As CDDP-based chemotherapy is a standard of care in neoadjuvant setting, as well as first line therapy of advanced BC, in the present study we have examined CDDP response in a panel of the UCC lines. We monitored viability after CDDP treatment and kinetics of induction and repair of CDDP-induced DNA damage in these cell lines. Here, we show that response of UCC to CDDP is strongly dependent on treatment conditions and that these cell lines display a complex pattern of response to CDDP. Furthermore, we demonstrate that repair of CDDP-induced DNA lesions correlates to some extend with CDDP sensitivity. We also monitored expression of the key genes involved in selected DNA damage repair and tolerance mechanisms and show that it differs in the UCC lines and positively correlates with viability after CDDP exposure. Our data indicate that CDDP response in BC is dependent on DNA damage repair and tolerance factors, which may, therefore, represent valuable therapeutic targets in this malignancy.
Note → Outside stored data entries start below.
(* Let $s\in S(2^\infty)$ with $s^2=e$, $s\ne e$, and let $\mathrm{supp}(s)=\{x\in X: s(x)\neq x\}$. Then in $G=S(2^\infty)\ltimes \widetilde C(X;\mathbb{Z}_2)$, $$\mathrm{fpc}(s)=\{e,\ s,\ \widetilde f_{\mathrm{supp}(s)},\ s\widetilde f_{\mathrm{supp}(s)}\}.$$
   Context: For a group $G$ and $g\in G$, $C_G(g)$ is the centralizer of $g$ and $\mathrm{fpc}(g)=\{h\in G:\ \{t^{-1}ht: t\in C_G(g)\}\text{ is finite}\}$. For $n\ge1$ let $S(2^n)$ be the symmetric group of the finite set $\{0,1\}^n$, embedded in $S(2^{n+1})$ via $s\mapsto\tilde s$, $\tilde s(x,y)=(s(x),y)$ ($x\in\{0,1\}^n$, $y\in\{0,1\}$); $S(2^\infty)=\bigcup_n S(2^n)$. Let $X=\{0,1\}^{\mathbb N}$; $S(2^\infty)$ acts on $X$ by homeomorphisms via $s(x,y)=(s(x),y)$ for $s\in S(2^n)$, $x\in\{0,1\}^n$, $y\in\{0,1\}^{\mathbb N}$. $C(X;\mathbb Z_2)$ is the abelian group of continuous maps $X\to\mathbb Z_2$ under pointwise addition; its elements are $f_A=\mathbf 1_A$ for clopen $A\subseteq X$, with $f_Af_B=f_{A\triangle B}$. $S(2^\infty)$ acts by $g\cdot f_A=f_{g(A)}$. The constant functions $\{f_\emptyset,f_X\}$ form an invariant subgroup and $\widetilde C(X;\mathbb Z_2)$ is the quotient group; $\widetilde f_A$ denotes the class of $f_A$ (so $\widetilde f_A=\widetilde f_{X\setminus A}$). $G=S(2^\infty)\ltimes\widetilde C(X;\mathbb Z_2)$, with $g\widetilde f_Ag^{-1}=\widetilde f_{g(A)}$. *)

From Stdlib Require Import ClassicalEpsilon.
From mathcomp Require Import all_boot all_fingroup.
Set Implicit Arguments. Unset Strict Implicit. Unset Printing Implicit Defensive.

Definition X := nat -> bool.

Definition prefix (n : nat) (x : X) : {ffun 'I_n -> bool} := [ffun i : 'I_n => x i].

(* action on X of p in S(2^n): p(x,y) = (p(x),y) *)
Definition perm_act (n : nat) (p : {perm {ffun 'I_n -> bool}}) (x : X) : X :=
  fun i => match @insub nat (fun k => k < n) 'I_n i with
           | Some j => p (prefix n x) j
           | None => x i
           end.

(* s : X -> X is (the action of) an element of S(2^oo) = \bigcup_n S(2^n) *)
Definition in_S2inf (s : X -> X) : Prop :=
  exists n (p : {perm {ffun 'I_n -> bool}}), forall x, s x = perm_act p x.

(* A : X -> bool is the indicator of a clopen subset of X
   (clopens of the Cantor space = finite unions of cylinders) *)
Definition clopen (A : X -> bool) : Prop :=
  exists n (B : {set {ffun 'I_n -> bool}}), forall x, A x = (prefix n x \in B).

(* Elements of G = S(2^oo) |x C~(X;Z2), written s * f~_A *)
Record Gelt := mkG { gs : X -> X ; gA : X -> bool }.

Definition inG (g : Gelt) : Prop := in_S2inf (gs g) /\ clopen (gA g).

(* equality in G: same permutation, and f~_A = f~_B iff B = A or B = X \ A *)
Definition Geq (g h : Gelt) : Prop :=
  (forall x, gs g x = gs h x) /\
  ((forall x, gA g x = gA h x) \/ (forall x, gA g x = ~~ gA h x)).

(* (s f_A)(t f_B) = (st) (t^{-1} f_A t) f_B = (st) f_{t^{-1}(A) \triangle B} *)
Definition gmul (g h : Gelt) : Gelt :=
  mkG (fun x => gs g (gs h x)) (fun x => addb (gA g (gs h x)) (gA h x)).

Definition gone : Gelt := mkG (fun x => x) (fun _ => false).
Definition gperm (s : X -> X) : Gelt := mkG s (fun _ => false).
Definition gfun (A : X -> bool) : Gelt := mkG (fun x => x) A.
However, further work is still needed to fully establish the role of examined DNA damage repair and tolerance factors in CDDP response in BC.

Supplementary Materials

The following supporting information can be downloaded at: https://www.mdpi.com/article/10.3390/ijms232012488/s1, Figure S1: DNA damage induction and repair in the UCC lines and BEC after CDDP treatment. BEC (A), HT-1197 (B), HT-1376 (C), TCCSUP (D), RT4 (E), SW780 (F), T-24 (G), UM-UC-3 (H) a 5637 (I). Blue columns represent CDDP treatment followed by SO addition, while the red ones depict CDDP treatment only. Black asterisk shows statistical significance against SO-treated control (0 μg/mL, blue columns), while white asterisk shows statistical significance against CDDP-treated control (0 μg/mL, red columns). * p < 0.05, ** p < 0.01 and *** p <0.001 (for details, see Material and Methods), Figure S2: Correlation of relative basal mRNA expression of the ERCC1 (A), XPF (B), XPG (C), RAD51 (D), XRCC2 (E), POLI (F) and REV3L (G) genes with IC50 values of continuous 48 h CDDP treatment, Table S1: List of primers used for RT-qPCR analysis.

Author Contributions

M.C., J.R., A.H., D.J. and P.P. conceived and designed the study. A.H., J.R., E.Ó. and V.B. acquired the data. M.C., J.R. and A.H. analysed and interpreted the data. J.R. performed statistical analysis. M.C., J.R. and A.H. wrote the first draft of the manuscript and D.J. and P.P. critically revised manuscript. M.C. and D.J. obtained funding. V.B. contributed administrative and technical support. M.C. supervised the whole study. All authors have read and agreed to the published version of the manuscript.

Funding

This work was supported by the VEGA Grant Agency of the Slovak Republic (grant No. 2/0053/19), the Slovak Research and Development Agency (grant No. APVV-19-0286), the Ministry of Health of the Slovak Republic (grant No. 2019/57-BMCSAV-1), the Ministry of Education, Science Research and Sport of the Slovak Republic (grant No. MVTS 34097104) and the Integrated Infrastructure Operational Program for the project “Systemic public research infrastructure-biobank for cancer and rare diseases” (ITMS: 313011AFG5) co-financed by the European Regional Development Fund.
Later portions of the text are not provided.